▶ **Task description**: Copy nothing but the lines below running from the line containing "by apply/eqP; rewrite -subr_eq0" through the line containing "by apply: eq_bigr => i _; rewrite expr2.", both end lines included.

▶ **Dataset extract**:
Lemma twist_Delta_frame e1 e2 t :
  \sum_(i < n) wedge (twist e2 (u i)) (Z i e1) t
  + \sum_(i < n) wedge (u i) (twist e1 (Z i e2)) t = - twist (DeltaE g u Z e2 e1) t.
Proof.
have twist_Z i : twist e1 (Z i e2) =
    \sum_(j < n) g (u j) (Z i e2) *: Z j e1 - \sum_(j < n) g (Z j e1) (Z i e2) *: u j.
  by rewrite /twist; under eq_bigr do rewrite wedgeE; rewrite sumrB.
have swap : \sum_(i < n) wedge (twist e2 (u i)) (Z i e1) t =
    - \sum_(i < n) wedge (u i) (\sum_(j < n) g (u j) (Z i e2) *: Z j e1) t.
  under eq_bigr do rewrite twist_u wedgeNl wedge_suml.
  rewrite sumrN exchange_big; congr (- _); apply: eq_bigr => i _.
  by rewrite wedge_sumr; apply: eq_bigr => j _; rewrite wedgeZl wedgeZr gC.
under [X in _ + X]eq_bigr do rewrite twist_Z wedgeBr.
rewrite sumrB swap twist_Delta addrA addNr add0r; congr (- _).
by apply: eq_bigr => i _; rewrite wedge_sumr; apply: eq_bigr => j _; rewrite wedgeZr.
Qed.

Lemma twist_circ e1 e2 t :
  twist (circE g u Z e1 e2) t =
    (nablaE g u Z e1 (twist e2 t) - twist e2 (nablaE g u Z e1 t))
  - (nablaE g u Z e2 (twist e1 t) - twist e1 (nablaE g u Z e2 t))
  - (twist e1 (twist e2 t) - twist e2 (twist e1 t)).
Proof.
rewrite /circE !twistDl twistNl !twist_nabla.
rewrite -[twist (DeltaE _ _ _ _ _) t]opprK -twist_Delta_frame.
rewrite (metric_derivation_twist _ _ (twist_metric_derivation e1)) big_split /=.
by cancel_terms.
Qed.

Lemma circE_jacobi e1 e2 e3 :
  circE g u Z e1 (circE g u Z e2 e3)
  = circE g u Z (circE g u Z e1 e2) e3 + circE g u Z e2 (circE g u Z e1 e3).
Proof.
have circ_circ e e' e'' : circE g u Z e (circE g u Z e' e'') =
    nablaE g u Z e (nablaE g u Z e' e'') - nablaE g u Z e (twist e' e'')
    - twist e (nablaE g u Z e' e'') + twist e (twist e' e'').
  by rewrite [circE _ _ _ e' e'']circE_nabla_twist circE_nabla_twist !raddfB /=; cancel_terms.
have curv : nablaE g u Z (circE g u Z e1 e2) e3 =
    nablaE g u Z e1 (nablaE g u Z e2 e3) - nablaE g u Z e2 (nablaE g u Z e1 e3).
  apply/eqP; rewrite eq_sym -subr_eq0.
  by rewrite -[_ - _ - _]/(courant_curv _ _ e1 e2 e3) courant_curv_eq0.
rewrite !circ_circ (circE_nabla_twist (circE g u Z e1 e2)) curv twist_circ.
by cancel_terms.
Qed.

Lemma circE_Dop f e : circE g u Z (Dop u z f) e = 0.
Proof.
rewrite circE_nabla_twist nablaE_eq0 => [|i]; last exact: ucoord_Dop.
rewrite sub0r /Dop twist_comb_u.
rewrite double_sum_skew_eq0 ?oppr0 // => [i j|i j]; first exact: wedgeC.
rewrite -[RHS](z_commutator_scale i j f (wedge (u i) (u j) e)); congr (_ *: _).
have -> : \sum_(k < n) (C j i k - C i j k) * z k f =
    \sum_(k < n) C j i k * z k f - \sum_(k < n) C i j k * z k f.
  by rewrite -sumrB; apply: eq_bigr => k _; rewrite mulrBl.
by ring.
Qed.

Lemma anchor_bundle_map : bundle_map (anchorE g u z).
Proof.
split=> [e|e1 e2 f|h e f]; first exact: zcomb_vector_field.
  by rewrite /anchorE -big_split; apply: eq_bigr => i _; rewrite gDl mulrDl.
by rewrite /anchorE mulr_sumr; apply: eq_bigr => i _; rewrite gZl mulrA.
Qed.

Lemma circE_R_bilinear : R_bilinear (circE g u Z).
Proof.
have nablaDl e1 e2 t : nablaE g u Z (e1 + e2) t = nablaE g u Z e1 t + nablaE g u Z e2 t.
  by rewrite /nablaE -big_split; apply: eq_bigr => i _; rewrite gDl scalerDl.
have nablaZl (f : A) e t : nablaE g u Z (f *: e) t = f *: nablaE g u Z e t.
  by rewrite /nablaE scaler_sumr; apply: eq_bigr => i _; rewrite gZl scalerA.
have nablaZr (c : R) e t : nablaE g u Z e (c%:A *: t) = c%:A *: nablaE g u Z e t.
  by rewrite /nablaE scaler_sumr; apply: eq_bigr => i _; rewrite Z_scale_const !scalerA mulrC.
split=> [e1 e2 t|e t1 t2|c e t|c e t]; rewrite !circE_nabla_twist.
- by rewrite nablaDl twistDl; cancel_terms.
- by rewrite !raddfD /=; cancel_terms.
- by rewrite nablaZl twistZl_const scalerBr.
- by rewrite nablaZr linearZ scalerBr.
Qed.

Lemma g_Dop f e : g (Dop u z f) e = anchorE g u z e f.
Proof.
by rewrite /Dop linear_sumlz; apply: eq_bigr => i _; rewrite /= linearZl_LR gC mulrC.
Qed.

Lemma anchor_g_circE e h1 h2 :
  anchorE g u z e (g h1 h2) = g (circE g u Z e h1) h2 + g h1 (circE g u Z e h2).
Proof.
have [_ _ nabla_g] := nabla_metric_derivation e.
have [_ _ twist_g] := twist_metric_derivation e.
have twist_skew : g (twist e h1) h2 = - g h1 (twist e h2).
  by apply/eqP; rewrite -addr_eq0 twist_g.
rewrite !circE_nabla_twist linearBl linearBr /= twist_skew -nabla_g opprK.
by cancel_terms.
Qed.

Lemma circE_diag e : circE g u Z e e = ((2 : R)^-1)%:A *: Dop u z (g e e).
Proof.
have half : (2 : R)^-1 + 2^-1 = 1 by rewrite -[2^-1]mul1r -splitr.
rewrite /circE subrr add0r /DeltaE /Dop scaler_sumr; apply: eq_bigr => i _.
rewrite -Z_metric (gC e (Z i e)) scalerA mulrDr -mulrDl -scalerDl half.
by rewrite scale1r mul1r.
Qed.

Lemma frame_curvatures_eq0 e1 e2 e3 :
  [/\ courant_curv (nablaE g u Z) (circE g u Z) e1 e2 e3 = 0,
      nablaE g u Z (DeltaE g u Z e3 e2) e1 = 0,
      forall t, Q_pair g (nablaE g u Z) (circE g u Z) e1 e2 e3 t = 0
    & circE g u Z (Dop u z (g e1 e3)) e2 = 0].
Proof.
split=> [||t|]; first exact: courant_curv_eq0.
- by apply: nablaE_eq0 => i; apply: ucoord_Delta.
- by rewrite /Q_pair !courant_curv_eq0 !linear0l !addr0.
- exact: circE_Dop.
Qed.

Lemma frame_courant_algebroid :
  pseudo_metric g -> courant_algebroid g (circE g u Z) (anchorE g u z) (Dop u z).
Proof.
move=> g_pseudo_metric; split=> //; split; first exact: anchor_bundle_map.
split; first exact: circE_R_bilinear.
split; first exact: g_Dop.
split; first exact: anchor_g_circE.
split; first exact: circE_diag.
exact: circE_jacobi.
Qed.

End Frame.
End SymmetricForm.

Theorem proposition3p13 (R : realFieldType) (A : comAlgType R) (V : lmodType A)
    (n : nat) (g : V -> V -> A) (u : 'I_n -> V)
    (Z : 'I_n -> V -> V) (z : 'I_n -> A -> A) (C : 'I_n -> 'I_n -> 'I_n -> A) :
  pseudo_metric g ->
  (* u^1, ..., u^n linearly independent over C^oo(M) *)
  (forall c : 'I_n -> A, \sum_(i < n) c i *: u i = 0 -> forall i, c i = 0) ->
  (forall i, is_cdo (Z i) (z i)) ->
  (forall i e1 e2, g (Z i e1) e2 + g e1 (Z i e2) = z i (g e1 e2)) ->
  (* C i k j stands for C_{ik}^j *)
  (forall i j, Z i (u j) = \sum_(k < n) C i k j *: u k) ->
  (forall i j, g (u i) (u j) = 0) ->
  (forall i j e, Z i (Z j e) - Z j (Z i e) = \sum_(k < n) (C j i k - C i j k) *: Z k e) ->
  (forall e1 e2 e3 : V,
     let nabla := nablaE g u Z in
     let br := circE g u Z in
     [/\ courant_curv nabla br e1 e2 e3 = 0,
         nabla (DeltaE g u Z e3 e2) e1 = 0,
         (forall t, Q_pair g nabla br e1 e2 e3 t = 0)
       & br (Dop u z (g e1 e3)) e2 = 0])
  /\ courant_algebroid g (circE g u Z) (anchorE g u z) (Dop u z).
Proof.
move=> g_pm _ Z_cdo Z_metric Z_u u_iso Z_comm; have [gC gDl gZl _] := g_pm.
split; first exact: (frame_curvatures_eq0 gC gDl gZl Z_cdo Z_metric Z_u u_iso Z_comm).
exact: (frame_courant_algebroid gC gDl gZl Z_cdo Z_metric Z_u u_iso Z_comm g_pm).
Qed.
Definition max_singular_value (A : 'M[R]_n) (s : R) : Prop :=
  singular_value A s /\ forall t, singular_value A t -> t <= s.

Definition Sigma_mx (W W0 : 'M[R]_n) (L C : 'I_n -> R) : 'M[R]_n :=
  \matrix_(i, j) (if i == j then 0
                  else 2 * L i * `|W i j| / C i + `|W0 i j - W i j|).

End NPG.

From HB Require Import structures.
From mathcomp Require Import all_boot all_order all_algebra.
From mathcomp Require Import all_classical all_reals all_analysis.
From mathcomp.algebra_tactics Require Import ring lra.
Import Order.TTheory GRing.Theory Num.Theory.
Import numFieldNormedType.Exports.
Local Open Scope classical_set_scope.
Local Open Scope ring_scope.
Set Implicit Arguments. Unset Strict Implicit. Unset Printing Implicit Defensive.

(* If player i best-responds in two profiles x and y, the first-order
   (variational) conditions of both optimisations together with the
   C_i-concavity of f_i give (x_i - y_i) (k_i(x) - k_i(y)) <= 0.  Summed over
   the players this says (x - y)^T W (x - y) <= 0.  But W is coercive:
   v^T W v >= v^T W0 v - |v|^T Sigma |v| >= (sigma0 - smax) |v|^2, because the
   entries of Sigma dominate those of |W0 - W|.  Hence x = y.
   Existence is proved by bringing the players into equilibrium one at a
   time.  If the first m players best-respond while player m plays t, the same
   coercivity argument, restricted to the first m players, shows that the gain
   of player m, and hence her best response, depends Lipschitz-continuously on
   t, whichever such partial equilibrium is chosen.  A fixed point of this
   best response on [lo_m, hi_m] (intermediate value theorem) puts player m
   in equilibrium as well. *)

Section QuadraticForms.
Variables (R : realFieldType) (n : nat).
Implicit Types (u v w a : 'I_n -> R) (A B M : 'M[R]_n).

Definition dotv u w := \sum_i u i * w i.
Definition sqnorm u := \sum_i u i ^+ 2.
Definition mxv A u := fun i => \sum_j A i j * u j.
Definition qform A u := dotv u (mxv A u).
Definition sumabs A := \sum_i \sum_j `|A i j|.

Lemma sumabs_ge0 A : 0 <= sumabs A.
Proof. by do 2 apply: sumr_ge0 => ? _. Qed.

Lemma sqnorm_ge0 u : 0 <= sqnorm u.
Proof. by apply: sumr_ge0 => i _; apply: sqr_ge0. Qed.

Lemma sqr_le_sqnorm u i : u i ^+ 2 <= sqnorm u.
Proof. by rewrite /sqnorm (bigD1 i) //= lerDl sumr_ge0 // => j _; apply: sqr_ge0. Qed.

Lemma sqnorm_eq0 u : sqnorm u = 0 -> forall i, u i = 0.
Proof.
move=> u0 i; apply/eqP; rewrite -sqrf_eq0 eq_le sqr_ge0 andbT -u0.
exact: sqr_le_sqnorm.
Qed.

Lemma sqnorm_abs u : sqnorm (fun i => `|u i|) = sqnorm u.
Proof. by apply: eq_bigr => i _; rewrite real_normK ?num_real. Qed.

Lemma sqnormZ t u : sqnorm (fun i => t * u i) = t ^+ 2 * sqnorm u.
Proof. by rewrite /sqnorm mulr_sumr; apply: eq_bigr => i _; rewrite exprMn. Qed.

Lemma normrM_le_sqnorm u i j : `|u i| * `|u j| <= sqnorm u.
Proof.
have := sqr_le_sqnorm u i; have := sqr_le_sqnorm u j.
rewrite -(real_normK (num_real (u i))) -(real_normK (num_real (u j))).
have := sqr_ge0 (`|u i| - `|u j|); nra.
Qed.

Lemma dotv_sumE u A w :
  dotv u (mxv A w) = \sum_i \sum_j u i * A i j * w j.
Proof.
by apply: eq_bigr => i _; rewrite mulr_sumr; apply: eq_bigr => j _; rewrite mulrA.
Qed.

Lemma dotv_mxvC A u w : A^T = A -> dotv u (mxv A w) = dotv w (mxv A u).
Proof.
move=> symA; rewrite !dotv_sumE exchange_big; apply: eq_bigr => i _.
by apply: eq_bigr => j _; rewrite -{1}symA mxE; ring.
Qed.

Lemma dotv_sqr_le a u : dotv a u ^+ 2 <= sqnorm a * sqnorm u.
Proof.
have lagrange : \sum_i \sum_j (a i * u j - a j * u i) ^+ 2
    = sqnorm a * sqnorm u + sqnorm u * sqnorm a - 2 * dotv a u ^+ 2.
  rewrite expr2 !big_distrlr mulr_sumr -!big_split -sumrB /=.
  apply: eq_bigr => i _; rewrite mulr_sumr -!big_split -sumrB /=.
  by apply: eq_bigr => j _; ring.
have : 0 <= \sum_i \sum_j (a i * u j - a j * u i) ^+ 2.
  by do 2 apply: sumr_ge0 => ? _; apply: sqr_ge0.
rewrite lagrange mulrC; lra.
Qed.

Lemma dotv_le_sqnorm s u w :
  0 <= s -> sqnorm w <= s ^+ 2 * sqnorm u -> dotv u w <= s * sqnorm u.
Proof.
move=> s0 hw; have N0 := sqnorm_ge0 u.
have [uw0|uw_pos] := lerP (dotv u w) 0; first by apply: le_trans uw0 _; rewrite mulr_ge0.
have : dotv u w ^+ 2 <= (s * sqnorm u) ^+ 2.
  apply: le_trans (dotv_sqr_le u w) _.
  by rewrite mulrC exprMn expr2 mulrA ler_wpM2r.
by rewrite ler_sqr // nnegrE ?mulr_ge0 // ltW.
Qed.

Lemma sqnorm_le_of_dotv g a v :
  0 <= g -> g * sqnorm v <= dotv a v -> g ^+ 2 * sqnorm v <= sqnorm a.
Proof.
move=> g0 hv; have N0 := sqnorm_ge0 v.
have [->|Npos] := eqVneq (sqnorm v) 0; first by rewrite mulr0 sqnorm_ge0.
have {Npos}Npos : 0 < sqnorm v by rewrite lt_def Npos.
rewrite -(ler_pM2r Npos) -mulrA -expr2 -exprMn.
apply: le_trans (dotv_sqr_le a v).
by rewrite ler_sqr ?nnegrE ?mulr_ge0 // (le_trans _ hv) ?mulr_ge0.
Qed.

Lemma qform_norm_le A u : `|qform A u| <= sumabs A * sqnorm u.
Proof.
rewrite /qform dotv_sumE; apply: le_trans (ler_norm_sum _ _ _) _.
rewrite /sumabs mulr_suml; apply: ler_sum => i _.
apply: le_trans (ler_norm_sum _ _ _) _; rewrite mulr_suml; apply: ler_sum => j _.
rewrite !normrM mulrAC mulrC ler_wpM2l //; exact: normrM_le_sqnorm.
Qed.

Lemma qformD A u w t : A^T = A ->
  qform A (fun i => u i + t * w i)
  = qform A u + 2 * t * dotv u (mxv A w) + t ^+ 2 * qform A w.
Proof.
move=> symA; rewrite /qform; have dC := dotv_mxvC u w symA.
transitivity (dotv u (mxv A u) + t * dotv u (mxv A w) + t * dotv w (mxv A u)
              + t ^+ 2 * dotv w (mxv A w)); last by rewrite -dC; ring.
rewrite !dotv_sumE !mulr_sumr -!big_split; apply: eq_bigr => i _.
by rewrite !mulr_sumr -!big_split; apply: eq_bigr => j _ /=; ring.
Qed.

Lemma mxv_mulmx A B u : mxv A (mxv B u) = mxv (A *m B) u.
Proof.
apply/funext => i; rewrite /mxv; under eq_bigr do rewrite mulr_sumr.
rewrite exchange_big; apply: eq_bigr => k _; rewrite mxE mulr_suml.
by apply: eq_bigr => j _; rewrite mulrA.
Qed.

Lemma mxv1 u : mxv 1%:M u = u.
Proof.
apply/funext => i; rewrite /mxv (bigD1 i) //= big1 ?addr0 ?mxE ?eqxx ?mul1r //.
by move=> j /negbTE ji; rewrite mxE eq_sym ji mul0r.
Qed.

Lemma sqnorm_mxv M u : sqnorm (mxv M u) = qform (M^T *m M) u.
Proof.
rewrite /qform dotv_sumE.
transitivity (\sum_k \sum_i \sum_j u i * (M k i * M k j) * u j).
  apply: eq_bigr => k _; rewrite expr2 big_distrlr; apply: eq_bigr => i _.
  by apply: eq_bigr => j _ /=; ring.
rewrite exchange_big; apply: eq_bigr => i _ /=; rewrite exchange_big.
apply: eq_bigr => j _ /=; rewrite !mxE mulr_sumr mulr_suml.
by apply: eq_bigr => k _; rewrite mxE.
Qed.

Lemma qform_subI A m u : qform (A - m%:M) u = qform A u - m * sqnorm u.
Proof.
rewrite /qform !dotv_sumE /sqnorm mulr_sumr -sumrB; apply: eq_bigr => i _.
rewrite (bigD1 i) //= [X in _ = X - _](bigD1 i) //= !mxE eqxx mulr1n.
under eq_bigr => j ji do rewrite !mxE eq_sym (negbTE ji) mulr0n subr0.
ring.
Qed.

Lemma qformN A u : qform (- A) u = - qform A u.
Proof.
rewrite /qform !dotv_sumE -sumrN; apply: eq_bigr => i _; rewrite -sumrN.
by apply: eq_bigr => j _; rewrite mxE; ring.
Qed.

Lemma qformB_le A B M u : (forall i j, `|A i j - B i j| <= M i j) ->
  qform A u - qform B u <= qform M (fun i => `|u i|).
Proof.
move=> AB; rewrite /qform !dotv_sumE -sumrB; apply: ler_sum => i _.
rewrite -sumrB; apply: ler_sum => j _.
rewrite -mulrBl -mulrBr; apply: le_trans (ler_norm _) _.
by rewrite !normrM ler_wpM2r // ler_wpM2l.
Qed.

End QuadraticForms.

Section Rayleigh.
Variables (R : realType) (n : nat).
Implicit Types (u : 'I_n -> R) (A B : 'M[R]_n).

Lemma eigenvalue_dim_gt0 A a : eigenvalue A a -> (0 < n)%N.
Proof.
case/eigenvalueP => v _; apply: contraNT; rewrite -eqn0Ngt => /eqP n0.
by apply/eqP/rowP => i; have := ltn_ord i; rewrite {2}n0.
Qed.

Lemma sqnorm1_ge1 : (0 < n)%N -> 1 <= sqnorm (fun _ : 'I_n => 1 : R).
Proof.
by move=> n0; apply: le_trans (sqr_le_sqnorm _ (Ordinal n0)); rewrite expr1n.
Qed.

Lemma subI_unitmx A a : ~~ eigenvalue A a -> A - a%:M \in unitmx.
Proof.
move=> noev; rewrite unitmxE unitfE; apply: contra noev => /det0P [v v0 vA].
apply/eigenvalueP; exists v => //.
by apply/eqP; rewrite -subr_eq0 -mul_mx_scalar -mulmxBr vA.
Qed.

Lemma psd_unitmx_coercive B : B^T = B -> (forall u, 0 <= qform B u) ->
  B \in unitmx -> exists2 k, 0 < k & forall u, k * sqnorm u <= qform B u.
Proof.
move=> symB psd Bu; pose Bi := invmx B.
pose K := sumabs B * sumabs (Bi^T *m Bi) + 1.
have K0 : 0 < K by rewrite ltr_pwDr // mulr_ge0 // sumabs_ge0.
exists K^-1; first by rewrite invr_gt0.
move=> u; pose w := mxv Bi u.
have Bw : dotv u (mxv B w) = sqnorm u.
  rewrite /w mxv_mulmx mulmxV // mxv1.
  by apply: eq_bigr => i _; rewrite expr2.
have qw : qform B w <= (K - 1) * sqnorm u.
  apply: le_trans (ler_norm _) _; apply: le_trans (qform_norm_le _ _) _.
  rewrite /K addrK -mulrA ler_wpM2l ?sumabs_ge0 // /w sqnorm_mxv.
  exact: le_trans (ler_norm _) (qform_norm_le _ _).
(* positivity of [qform B] at [u - K^-1 B^-1 u] *)
have := psd (fun i => u i + (- K^-1) * w i); rewrite qformD // Bw.
have N0 := sqnorm_ge0 u; have Ki0 : 0 < K^-1 by rewrite invr_gt0.
have : K^-1 ^+ 2 * qform B w <= K^-1 * sqnorm u - K^-1 ^+ 2 * sqnorm u.
  have -> : K^-1 * sqnorm u - K^-1 ^+ 2 * sqnorm u = K^-1 ^+ 2 * ((K - 1) * sqnorm u).
    by field; rewrite gt_eqF.
  by rewrite ler_wpM2l ?sqr_ge0.
have : 0 <= K^-1 ^+ 2 * sqnorm u by rewrite mulr_ge0 ?sqr_ge0.
rewrite sqrrN; lra.
Qed.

▶ **Output for this task**:
by apply/eqP; rewrite -subr_eq0 -mul_mx_scalar -mulmxBr vA.
Qed.

Lemma psd_unitmx_coercive B : B^T = B -> (forall u, 0 <= qform B u) ->
  B \in unitmx -> exists2 k, 0 < k & forall u, k * sqnorm u <= qform B u.
Proof.
move=> symB psd Bu; pose Bi := invmx B.
pose K := sumabs B * sumabs (Bi^T *m Bi) + 1.
have K0 : 0 < K by rewrite ltr_pwDr // mulr_ge0 // sumabs_ge0.
exists K^-1; first by rewrite invr_gt0.
move=> u; pose w := mxv Bi u.
have Bw : dotv u (mxv B w) = sqnorm u.
  rewrite /w mxv_mulmx mulmxV // mxv1.
  by apply: eq_bigr => i _; rewrite expr2.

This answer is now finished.